On the other manus, many words have changed their meaning significantly: Hanink gives the example of αγαθός, agathodue south, which in ancient Greek meant 'expert', merely now ways 'naive' (but as well I never tried to use that one). Many other new words have been borrowed at unlike times from other languages, especially Italian and Turkish due to the occupations of parts of Greece by Venetians and the Ottoman Empire (ane Turkish-derived word I learned in reading a political paper commodity was ρουσφέτι, rousfeti, "a political favour" – in the context of Ottoman court politics, information technology's like shooting fish in a barrel to come across how that one ended up being borrowed, though unfortunate that it's notwithstanding in common use today). Most recently, of course, English has been the source of a lot of borrowed words – I'm particuarly fond of γκουγκλάρω (gouglaro, "I google") and the word my tutor used to describe our task of reading and reporting on a newspaper article, προτζεκτάκι (protzektaki, 'little project' – formed by borrowing the English word and calculation the Greek atomic suffix –aki to information technology. I just call back that'due south very cute, as well as being a squeamish linguistic example of how borrowed words eventually get fully integrated into the borrowing language'south grammar).

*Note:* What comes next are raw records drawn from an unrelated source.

(* For every integer $k$ with $7\le k\le 17$, the Tuza constant satisfies $c_k \ge \dfrac{3}{2k+6}$.
   Context: A hypergraph $H=(V,E)$ consists of a finite vertex set $V$ and a finite collection $E$ of subsets of $V$ (edges). $H$ is $k$-uniform if every edge has exactly $k$ vertices. A transversal of $H$ is a set $T\subseteq V$ meeting every edge; $\tau(H)$ denotes the minimum size of a transversal. For $k\ge 1$, the Tuza constant is $c_k=\sup_{H} \tau(H)/(m+n)$, where the supremum ranges over all $k$-uniform hypergraphs $H$, with $n=|V|$ and $m=|E|$. *)

From HB Require Import structures.
From mathcomp Require Import all_boot all_order all_algebra.
From mathcomp Require Import all_classical all_reals.
Set Implicit Arguments. Unset Strict Implicit. Unset Printing Implicit Defensive.
Import Order.TTheory GRing.Theory Num.Theory.
Local Open Scope ring_scope.

Definition uniform (k : nat) (V : finType) (E : {set {set V}}) : Prop :=
  forall e, e \in E -> #|e| = k.

Definition transversal (V : finType) (E : {set {set V}}) (T : {set V}) : bool :=
  [forall e in E, [exists x in e, x \in T]].

(* tau(H): minimum size of a transversal (the default #|V| is only reached
   when no transversal exists, which cannot happen when all edges are
   nonempty, and is otherwise an upper bound for any transversal size). *)
Definition tau (V : finType) (E : {set {set V}}) : nat :=
  \big[minn/#|V|]_(T : {set V} | transversal E T) #|T|.

Definition tuza_const (R : realType) (k : nat) : R :=
  sup [set x : R | exists (V : finType) (E : {set {set V}}),
        uniform k E /\ x = (tau E)%:R / (#|E| + #|V|)%:R].

(* Label the 2k vertices by triples from a fixed family of pairwise intersecting
   triples on six points, with multiplicities chosen so that every point is missed
   by exactly k of them, and take as edges, for each point j, the k vertices whose
   label misses j.  Any two vertices share a point j of their labels, so the edge
   of j avoids both: a transversal cannot be covered by two vertices, whence
   tau >= 3 while m + n <= 6 + 2k.  Writing k = 2a + 3b, this works for every k >= 2. *)

From Pilot Require Import Defs.
From HB Require Import structures.
From mathcomp Require Import all_boot all_order all_algebra.
From mathcomp Require Import all_classical all_reals.
From mathcomp Require Import zify.
Import Order.TTheory GRing.Theory Num.Theory.
Set Implicit Arguments. Unset Strict Implicit. Unset Printing Implicit Defensive.
Local Open Scope ring_scope.

Lemma tau_le_card (V : finType) (E : {set {set V}}) : (tau E <= #|V|)%N.
Proof.
rewrite /tau; elim/big_ind: _ => // [x y hx _|T _]; last exact: max_card.
by rewrite geq_min hx.
Qed.

Lemma leq_tau (V : finType) (E : {set {set V}}) (m : nat) :
  (m <= #|V|)%N -> (forall T, Defs.transversal E T -> m <= #|T|)%N -> (m <= tau E)%N.
Proof.
move=> mV mT; rewrite /tau; elim/big_ind: _ => // x y hx hy.
by rewrite leq_min hx.
Qed.

Lemma tuza_ratio_le1 (R : realType) (V : finType) (E : {set {set V}}) :
  (tau E)%:R / (#|E| + #|V|)%:R <= (1 : R).
Proof.
have [->|mn_gt0] := posnP (#|E| + #|V|); first by rewrite invr0 mulr0.
rewrite ler_pdivrMr ?ltr0n // mul1r ler_nat.
exact: leq_trans (tau_le_card E) (leq_addl _ _).
Qed.

Lemma tuza_const_ge (R : realType) (k : nat) (V : finType) (E : {set {set V}}) :
  uniform k E -> (tau E)%:R / (#|E| + #|V|)%:R <= tuza_const R k.
Proof.
move=> Ek; apply: ub_le_sup; last by exists V, E.
by exists 1 => _ [V' [E' [_ ->]]]; exact: tuza_ratio_le1.
Qed.

Section StarComplements.

Variables (V I : finType) (lab : V -> {set I}).
Hypothesis lab_intersecting : forall x y, exists j, (j \in lab x) && (j \in lab y).

Definition star_complement (j : I) : {set V} := [set v | j \notin lab v].

Definition star_complements : {set {set V}} := [set star_complement j | j : I].

Lemma card_star_complements : (#|star_complements| <= #|I|)%N.
Proof. exact: leq_imset_card. Qed.

Lemma transversal_avoid2 T : Defs.transversal star_complements T ->
  forall x y, exists2 z, z \in T & (z != x) && (z != y).
Proof.
move=> /forallP T_meets x y; have [j /andP [jx jy]] := lab_intersecting x y.
have /implyP/(_ (imset_f _ (isT : j \in I)))/existsP := T_meets (star_complement j).
case => z /andP []; rewrite inE => jz zT.
by exists z => //; apply/andP; split; apply: contraNneq jz => ->.
Qed.

Lemma transversal_card_ge3 (x : V) T : Defs.transversal star_complements T ->
  (3 <= #|T|)%N.
Proof.
move=> TE; have [y yT /andP [yx _]] := transversal_avoid2 TE x x.
have [z zT /andP [zx zy]] := transversal_avoid2 TE x y.
have [w wT /andP [wy wz]] := transversal_avoid2 TE y z.
rewrite (cardsD1 y) yT (cardsD1 z) !inE zy zT ltnS ltnS card_gt0.
by apply/set0Pn; exists w; rewrite !inE wz wy wT.
Qed.

Lemma tau_star_complements_ge3 : (3 <= #|V|)%N -> (3 <= tau star_complements)%N.
Proof.
move=> V3; have /card_gt0P [x _] : (0 < #|V|)%N by apply: leq_trans V3.
by apply: leq_tau => // T; apply: transversal_card_ge3.
Qed.

Lemma tuza_const_ge_star_complements (R : realType) (k : nat) :
  (forall j, #|star_complement j| = k) -> (3 <= #|V|)%N ->
  3 / (#|V| + #|I|)%:R <= tuza_const R k.
Proof.
move=> card_star V3.
have E_unif : uniform k star_complements by move=> _ /imsetP [j _ ->].
apply: le_trans (tuza_const_ge R E_unif).
have mn_gt0 : (0 < #|star_complements| + #|V|)%N by rewrite addn_gt0 (leq_trans _ V3) ?orbT.
have tau3 := tau_star_complements_ge3 V3.
have mn_le : (#|star_complements| + #|V| <= #|V| + #|I|)%N.
  by rewrite addnC leq_add2l card_star_complements.
apply: ler_pM => //; first by rewrite invr_ge0.
  by rewrite -(ler_nat R 3) in tau3.
by rewrite lef_pV2 ?posrE ?ltr0n ?(leq_trans mn_gt0) ?ler_nat.
Qed.

End StarComplements.

Definition intersecting_triples : seq (seq nat) :=
  [:: [:: 0; 1; 4]; [:: 2; 3; 4]; [:: 1; 2; 5]; [:: 0; 3; 5];
      [:: 0; 1; 2]; [:: 1; 3; 4]; [:: 0; 4; 5]].

Lemma intersecting_triplesP : {in intersecting_triples &,
  forall t u, has (fun j => (j \in t) && (j \in u)) (iota 0 6)}.
Proof. by apply/allrelP. Qed.

(* With these multiplicities every point of {0, ..., 5} lies outside exactly
   2a + 3b of the 4a + 6b triples. *)
Definition triple_family (a b : nat) : seq (seq nat) :=
  nseq a [:: 0; 1; 4] ++ nseq (a + b) [:: 2; 3; 4] ++ nseq (a + b) [:: 1; 2; 5]
  ++ nseq (a + b) [:: 0; 3; 5] ++ nseq b [:: 0; 1; 2] ++ nseq b [:: 1; 3; 4]
  ++ nseq b [:: 0; 4; 5].

Lemma size_triple_family a b : size (triple_family a b) = (2 * (2 * a + 3 * b))%N.
Proof. rewrite /triple_family !size_cat !size_nseq; lia. Qed.

Lemma triple_family_sub a b : {subset triple_family a b <= intersecting_triples}.
Proof.
by apply/allP; rewrite /triple_family !all_cat !all_nseq /= !orbT.
Qed.

Lemma count_notin_triple_family a b j : (j < 6)%N ->
  count (fun t => j \notin t) (triple_family a b) = (2 * a + 3 * b)%N.
Proof.
rewrite /triple_family !count_cat !count_nseq.
by case: j => [|[|[|[|[|[|j]]]]]] //= _; lia.
Qed.

Lemma card_nth_pred (T : Type) (x0 : T) (s : seq T) (P : pred T) :
  #|[set i : 'I_(size s) | P (nth x0 s i)]| = count P s.
Proof.
rewrite -sum1_card (eq_bigl (fun i : 'I_(size s) => P (nth x0 s i))) => [|i].
  rewrite -(big_mkord (fun i => P (nth x0 s i)) (fun _ => 1%N)) sum1_count -count_map.
  by rewrite /index_iota subn0 map_nth_iota0 // take_size.
by rewrite inE.
Qed.

Lemma tuza_const_ge_2a3b (R : realType) (a b k : nat) :
  k = (2 * a + 3 * b)%N -> (2 <= k)%N -> 3 / (2 * k%:R + 6) <= tuza_const R k.
Proof.
move=> k_eq k2; pose s := triple_family a b.
pose lab (x : 'I_(size s)) := [set j : 'I_6 | val j \in nth [::] s x].
have lab_intersecting x y : exists j, (j \in lab x) && (j \in lab y).
  have /hasP [j] := intersecting_triplesP
    (triple_family_sub (mem_nth [::] (ltn_ord x)))
    (triple_family_sub (mem_nth [::] (ltn_ord y))).
  by rewrite mem_iota => j6 jxy; exists (Ordinal j6); rewrite !inE.
have card_star j : #|star_complement lab j| = k.
  rewrite k_eq -(count_notin_triple_family a b (ltn_ord j)) -(card_nth_pred [::]).
  by apply: eq_card => x; rewrite !inE.
have := tuza_const_ge_star_complements lab_intersecting R card_star.
rewrite !card_ord size_triple_family -k_eq natrD natrM; apply; lia.
Qed.

Lemma exists_2a3b (k : nat) : (2 <= k)%N -> exists a b, k = (2 * a + 3 * b)%N.
Proof.
move=> k2; have := odd_double_half k; rewrite -muln2.
by case: (odd k) => /= k_eq; [exists k./2.-1, 1 | exists k./2, 0]; lia.
Qed.

Lemma tuza_const_ge_2k6 (R : realType) (k : nat) :
  (2 <= k)%N -> 3 / (2 * k%:R + 6) <= tuza_const R k.
Proof. by move=> k2; have [a [b k_eq]] := exists_2a3b k2; apply: tuza_const_ge_2a3b k_eq k2. Qed.

Theorem theorem1 (R : realType) (k : nat) :
  (7 <= k <= 17)%N -> 3 / (2 * k%:R + 6) <= tuza_const R k.
Proof. by case/andP => k7 _; apply: tuza_const_ge_2k6; apply: leq_trans k7. Qed.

Overall, I'm very glad I went to Athens for some intensive language learning – it definitely paid off, although at present that I'm back in the UK I'k going to accept to keep working on speaking/reading Greek so as not to forget it all (and maybe some 24-hour interval I'll manage to become back to the Athens Center again for the side by side level of their course!). Even if you're not a classicist and only go to Greece for embankment holidays, learning merely a little Greek definitely pays off – people are always pleasantly surprised by visitors who brand the effort to speak in Greek, and I hope I've also given something of a sense of how fascinating a language, with such a long history, it really is.